Census data and schema

This page provides a user-friendly overview of the Census contents and its schema, in case you are interested you can find the full schema specification here.

Contents:

  1. Schema

  2. Data included in the Census

  3. SOMA objects

Schema

The Census is a collection of a variety of SOMA objects organized with the following hierarchy.

image

As you can see the Census data is a SOMACollection with two high-level items:

  1. "census_info" for the census summary info.

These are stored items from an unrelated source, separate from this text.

(* Let $R_1,\ldots,R_n$ be left localization maximal rings and $R:=R_1\times\cdots\times R_n$. For $i=1,\ldots,n$ let $S_i:=R_1\times\cdots\times R_i^*\times\cdots\times R_n$, where $R_i^*$ is the group of units of $R_i$ (placed in the $i$-th coordinate). Then: (1) $\max\mathrm{Den}_l(R)=\{S_1,\ldots,S_n\}$; (2) $\mathrm{ass}(S_i)=R_1\times\cdots\times 0\times\cdots\times R_n$ ($0$ in the $i$-th place) for each $i$, and $\mathrm{ass}(S_i)+\mathrm{ass}(S_j)=R$ for all $i\neq j$; (3) $S_i^{-1}R\cong R_i\cong R/\mathrm{ass}(S_i)$, and the map $\sigma_i:R\to S_i^{-1}R$, $r\mapsto\frac{r}{1}$, is (under these identifications) the map $R\to R/\mathrm{ass}(S_i)$, $r\mapsto r+\mathrm{ass}(S_i)$; (4) $\mathfrak{l}_R=0$; (5) the ring homomorphism $\sigma:=\prod_{i=1}^n\sigma_i:R\to\prod_{i=1}^nS_i^{-1}R$, $r\mapsto(\frac{r}{1},\ldots,\frac{r}{1})$, is an isomorphism; (6) $\bigcap_{i=1}^nS_i=R^*=R_1^*\times\cdots\times R_n^*$, the group of units of $R$; (7) the set $\mathcal{L}_l(R)=\bigcup_{i=1}^nS_i$ of left localizable elements of $R$ consists precisely of the elements $(r_1,\ldots,r_n)\in R$ such that $r_i\in R_i^*$ for some $i$; (8) the set of left non-localizable elements of $R$ equals $\prod_{i=1}^n(R_i\setminus R_i^* )$, and for each $i$ the set of left non-localizable elements of $R_i$ is $R_i\setminus R_i^*$.
   Context: All rings are associative with $1$. A multiplicative subset $S$ of $R$ ($1\in S$, $0\notin S$, closed under multiplication) is a left Ore set if $Sr\cap Rs\neq\emptyset$ for all $r\in R$, $s\in S$; for it, $\mathrm{ass}(S):=\{r\in R: sr=0\text{ for some } s\in S\}$. A left Ore set $S$ is a left denominator set if $rs=0$ ($r\in R$, $s\in S$) implies $tr=0$ for some $t\in S$. $\mathrm{Den}_l(R)$ is the set of left denominator sets, $S^{-1}R$ the left localization, $\max\mathrm{Den}_l(R)$ the set of maximal elements of $(\mathrm{Den}_l(R),\subseteq)$, and $\mathfrak{l}_R:=\bigcap_{S\in\max\mathrm{Den}_l(R)}\mathrm{ass}(S)$. An element $r\in R$ is left localizable if $r\in S$ for some $S\in\mathrm{Den}_l(R)$, and left non-localizable otherwise; $\mathcal{L}_l(R)$ is the set of left localizable elements. For a ring $A$, $S_0(A)$ is the largest left Ore set of $A$ consisting of regular elements and $Q_l(A):=S_0(A)^{-1}A$. A ring $A$ is a left localization maximal ring if $A=Q_l(A)$ (i.e. $S_0(A)$ consists of units) and $\{\mathrm{ass}(S):S\in\mathrm{Den}_l(A)\}=\{0\}$. *)

From HB Require Import structures.
From mathcomp Require Import all_boot all_order all_algebra.
From mathcomp Require Import classical_sets.

Set Implicit Arguments.
Unset Strict Implicit.
Unset Printing Implicit Defensive.

Import GRing.Theory.
Local Open Scope ring_scope.
Local Open Scope classical_set_scope.

Section DProd.
Variables (I : finType) (R : I -> pzRingType).

Definition dprod := {dffun forall i : I, R i}.

HB.instance Definition _ := Choice.on dprod.

Definition dp_zero : dprod := [ffun i => 0].
Definition dp_opp (x : dprod) : dprod := [ffun i => - x i].
Definition dp_add (x y : dprod) : dprod := [ffun i => x i + y i].
Definition dp_one : dprod := [ffun i => 1].
Definition dp_mul (x y : dprod) : dprod := [ffun i => x i * y i].
(* Let $n\ge2$ and $\theta\in\mathcal{M}(\mathrm{Cr}_n)$. Then $\theta\in\mathcal{AM}(\mathrm{Cr}_n)$ if and only if for every pair of distinct, non-disjoint maximal chains $C,D$ of $\mathrm{Cr}_n$, the chains $\theta(C)$ and $\theta(D)$ have opposite parities.
   Context: $\mathrm{Cr}_n$ is the poset $\{x_1,\dots,x_n,y_1,\dots,y_n\}$ whose only relations between distinct elements are $x_i<y_i$ ($1\le i\le n$), $x_{i+1}<y_i$ ($1\le i\le n-1$) and $x_1<y_n$; its maximal chains are exactly these $2n$ two-element chains. The chains $x_i<y_i$ are called odd, and $x_{i+1}<y_i$ ($1\le i\le n-1$) and $x_1<y_n$ are called even. For a finite connected poset $X$ and $x<y$, $e_{xy}$ denotes the incidence-algebra basis element and $B=\{e_{xy}:x<y\}$. For a bijection $\theta:B\to B$ and a maximal chain $C:u_1<\dots<u_k$, $\theta$ is increasing on $C$ if there is a maximal chain $D:v_1<\dots<v_k$ with $\theta(e_{u_iu_j})=e_{v_iv_j}$ for all $i<j$, decreasing if $\theta(e_{u_iu_j})=e_{v_{k-j+1}v_{k-i+1}}$ for all $i<j$; in either case $\theta(C)=D$. $\mathcal{M}(X)$ is the set of bijections $B\to B$ increasing or decreasing on every maximal chain. A walk is a sequence $u_0,\dots,u_m$ where for each $i$ one of $u_i,u_{i+1}$ covers the other; closed if $u_0=u_m$. For a closed walk $\Gamma:u_0,\dots,u_m=u_0$ and $z\in X$: $s^+_{\theta,\Gamma}(z)=|\{i: u_i<u_{i+1},\ \exists w>z,\ \theta(e_{zw})=e_{u_iu_{i+1}}\}|$, $s^-_{\theta,\Gamma}(z)=|\{i: u_i>u_{i+1},\ \exists w>z,\ \theta(e_{zw})=e_{u_{i+1}u_i}\}|$, $t^+_{\theta,\Gamma}(z)=|\{i: u_i<u_{i+1},\ \exists w<z,\ \theta(e_{wz})=e_{u_iu_{i+1}}\}|$, $t^-_{\theta,\Gamma}(z)=|\{i: u_i>u_{i+1},\ \exists w<z,\ \theta(e_{wz})=e_{u_{i+1}u_i}\}|$, $0\le i\le m-1$. $\theta$ is admissible if $s^+-s^-=t^+-t^-$ at every $z$ for every closed walk; $\mathcal{AM}(X)$ is the set of admissible elements of $\mathcal{M}(X)$. *)

From mathcomp Require Import all_boot all_order all_algebra.
Set Implicit Arguments. Unset Strict Implicit. Unset Printing Implicit Defensive.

  2. "census_data" for the single-cell data and metadata.

Census Summary Info "census_info"

A SOMAcollection with tables providing information of the census as a whole, it has the following items:

  • "summary": High-level information of this Census, e.g., build date, total cell count, etc.

  • "datasets": A table with all datasets from CELLxGENE Discover used to create the Census.

  • "summary_cell_counts": Cell counts stratified by relevant cell metadata.


Census Single-Cell Data "census_data"

Data for each organism is stored in independent SOMAExperiment objects, which are a specialized form of a SOMACollection. Each of these stores a data matrix (cell by genes), cell metadata, gene metadata, and feature presence matrix.

This is how the data is organized for one organism – Homo sapiens:

  • ["homo_sapiens"].obs: Cell metadata.

  • ["homo_sapiens"].ms["RNA"].X: Data matrices: raw counts in X["raw"], and library-size normalized counts in X["normalized"] (only available in Census schema V1.1.0 and above).

  • ["homo_sapiens"].ms["RNA"].var: Gene metadata.

  • ["homo_sapiens"].ms["RNA"]["feature_dataset_presence_matrix"]: A sparse boolean array indicating which genes were measured in each dataset.


Data Included in the Census

All data from CZ CELLxGENE Discover that adheres to the following criteria is included in the Census:

  • Cells from human or mouse.

  • Spatial and non-spatial RNA data, see the full list of sequencing technologies included here.

  • Raw counts.

  • Only standardized cell and gene metadata as described in the CELLxGENE Discover dataset schema.

⚠️ Note that the data includes:

  • Full-gene sequencing read counts (e.g., Smart-Seq2) and molecule counts (e.g., 10X).

  • Duplicate cells present across multiple datasets. These can be filtered in or out using the cell metadata variable is_primary_data.


SOMA Objects

You can find the full SOMA specification here.

The following is a short description of the main SOMA objects used by the Census:

  • DenseNDArray: A dense, N-dimensional array, with offset (zero-based) integer indexing on each dimension.

  • SparseNDArray: The same as DenseNDArray but sparse, and supports point indexing (disjoint index access).

  • DataFrame: A multi-column table with user-defined column names and value types, with support for point indexing.

  • Collection: A persistent container of named SOMA objects.

  • Experiment: A class that represents a single-cell experiment. It always contains two objects:

    • obs: A DataFrame with primary annotations on the observation axis.

    • ms: A Collection of measurements, each composed of X matrices and axis annotation matrices or data frames (e.g., var, varm, obsm, etc.).

  • SOMAScene: A Collection of obsl, varl, and img.

  • Spatial: A collection of Scene objects.

  • obs_spatial_presence: A DataFrame to map observations to Scene objects.